- Harris Location within the state of New York
- Coordinates: 41°42′51″N 74°43′35″W﻿ / ﻿41.71417°N 74.72639°W
- Country: United States
- State: New York
- County: Sullivan
- Time zone: UTC-5 (Eastern (EST))
- • Summer (DST): UTC-4 (EDT)

= Harris, New York =

Harris is a hamlet in the town of Thompson in east-central Sullivan County, New York, United States. The ZIP code for Harris is 12742.
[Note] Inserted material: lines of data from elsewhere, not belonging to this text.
Lemma feasible_sound : 0 < m -> feasible -> exists q, perfectb q.
Proof.
move=> m_gt0; rewrite /feasible all_lazyE => /allP /(_ 0).
rewrite mem_sort mem_iota m_gt0 => /(_ isT).
by case E: (search_from 0) => [q|] // _; exists q; apply: extend_sound E.
Qed.

Lemma partial_ok_take q n u : perfectb q -> u < n <= N -> partial_ok (take n q) u.
Proof.
case/and4P=> /eqP size_q _ _ /allP count_q /andP[lt_un le_nN].
have lt_uN := leq_trans lt_un le_nN.
have size_take_q : size (take n q) = n by rewrite size_takel ?size_q.
apply/allP=> j j_col; rewrite size_take_q nth_take //.
have u_in : u \in iota 0 N by rewrite mem_iota.
have /allP/(_ j j_col)/eqP <- := count_q u u_in.
by apply: sub_count => w /andP[lt_wn]; rewrite nth_take.
Qed.

Lemma consistent_take q n : perfectb q -> 0 < n <= N -> consistent (take n q).
Proof.
move=> perf_q /andP[n_gt0 le_nN].
have size_take_q : size (take n q) = n.
  by case/and4P: perf_q => /eqP size_q _ _ _; rewrite size_takel ?size_q.
rewrite /consistent size_take_q partial_ok_take //=; last by rewrite ltn_predL n_gt0.
by apply/allP=> u _; case: ifP => // lt_un; rewrite partial_ok_take ?lt_un.
Qed.
Lemma broom_Diter_bounded a B : broom a B -> Diter_bounded a B.
Proof.
  induction 1 as [a B Hz HB|a b B _ Hba _ IH|a c B' h B Ho Hc _ IH HB|a b B _ _ _ Hba _ IH
    |a f Bn bs B He _ _ Hf Hbs _ IH HB|a b B _ Hba _ IH];
    try (apply (Diter_bounded_lt a b B Hba IH)); intros a' Ha'.
  - rewrite (prime_of_zero a a' Hz Ha').
    assert (Hroot : forall t, Diter B a t -> t = []).
    { intros t Ht. apply (proj1 (Diter_IsDiter B a) Hz t) in Ht.
      destruct Ht as [s [Hs Hts]]. apply HB in Hs. subst s. now apply prefix_nil_inv. }
    split; [now apply finite_set_root|auto].
  - destruct (IH a' (prime_of_odd_pred a c a' Ho Hc Ha')) as [Hfin _]. split.
    + apply (finite_set_incl _ (beyond h (Diter B' a'))); [|now apply finite_set_beyond].
      intros t Ht. apply Diter_prepend. revert Ht. apply Diter_incl.
      intros s Hs. apply clTr_incl, HB, Hs.
    + intro He. exfalso. exact (even_not_odd a He Ho).
  - assert (Hroot : forall t, Diter B a' t -> t = []).
    { intros t Ht. apply NNPP. intro Hne.
      assert (HF : Diter (fork_union f Bn) a' t).
      { revert Ht. apply Diter_incl. intros s Hs. apply clTr_incl, HB, Hs. }
      destruct (Diter_fork_union f Bn a' t Hf Hne HF) as [n [_ Hn]].
      destruct (prime_exists (bs n)) as [b' Hb'].
      destruct (prime_of_monotone a a' (bs n) b' Ha' Hb' (Hbs n)) as [_ Hlt].
      exact (Diter_empty_after_finite (Bn n) b' a' _ (proj1 (IH n b' Hb')) (Hlt He) Hn). }
    split; [now apply finite_set_root|auto].
Qed.

Lemma Dpow_broom_bounded a a' S B : broom a B -> prime_of lt a a' ->
  (forall t, S t -> clTr B t) ->
  finite_set (Dpow lt S a') /\ (is_even lt a -> empty_or_root (Dpow lt S a')).
Proof.
  intros HB Ha' HS. destruct (broom_Diter_bounded a B HB a' Ha') as [Hfin Hroot].
  assert (Hsub : forall t, Dpow lt S a' t -> Diter B a' t).
  { intros t Ht. apply (Diter_incl S); [exact HS|now apply Dpow_Diter]. }
  split; [exact (finite_set_incl _ _ Hsub Hfin)|]. intro He.
  destruct (classic (Dpow lt S a' [])) as [H0|H0]; [right|left].
  - intro s. split; [intro Hs; exact (Hroot He s (Hsub s Hs))|now intros ->].
  - intros s Hs. apply H0. now rewrite <- (Hroot He s (Hsub s Hs)).
Qed.

End Ordinals.

(* Every smaller ordinal has countably many predecessors, the top uncountably many. *)
Lemma IsOmega1Plus1_top_limit (O : Type) (lt : O -> O -> Prop) :
  IsOmega1Plus1 lt -> forall w, is_top lt w -> is_limit lt w.
Proof.
  intros [irr [trans [total [_ [w0 [Hw0 [Hc Hnc]]]]]]] w Hw.
  assert (w = w0) as ->.
  { destruct (Hw0 w) as [|H1]; [assumption|]. destruct (Hw w0) as [|H2]; [congruence|].
    exfalso. exact (irr w (trans _ _ _ H1 H2)). }
  split.
  - intro Hz. apply Hnc. exists (fun _ => w0). intros c Hcw. exfalso. exact (Hz c Hcw).
  - intros [b [Hbw Hs]]. apply Hnc. destruct (Hc b Hbw) as [e He].
    exists (fun n => match n with 0 => b | S k => e k end). intros c Hcw.
    destruct (total c b) as [Hcb|[->|Hbc]].
    + destruct (He c Hcb) as [k Hk]. now exists (S k).
    + now exists 0.
    + exfalso. exact (Hs c (conj Hbc Hcw)).
Qed.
Harris is a small community located off New York State Route 17 (future Interstate 86) off exit 102 between Liberty and Monticello. In its heyday, during the 1950s and 1960s, Harris was a thriving resort community of bungalow colonies, hotels and rooming houses. These included Maybergs Colony and Siegels Colony and Rooming House on Harris Road, Partners colony on Big Woods Road, Victory Colony on Big Woods Road, Others included Betty D's Rooming House (replacing Siegel's), the Turey Hotel, the Louis Herskovitz Bungalow Colony, Princeton House and many others. There was a large lake present upstream of a large Dam with Waterfall on the East Mongaup River located on Mayberg's colony. During the summer months, a number of stores formed a small "downtown" area near the intersection of Harris Road and Big Woods Road.

Today, the hamlet still contains a number of bungalow colonies. It is also the location of the Garnet Health's main hospital in the Catskills (as opposed to the smaller hospital in the western part of Sullivan County in Callicoon), and is the home of the Center for Discovery, a community for disabled residents that is also the largest employer in Sullivan County.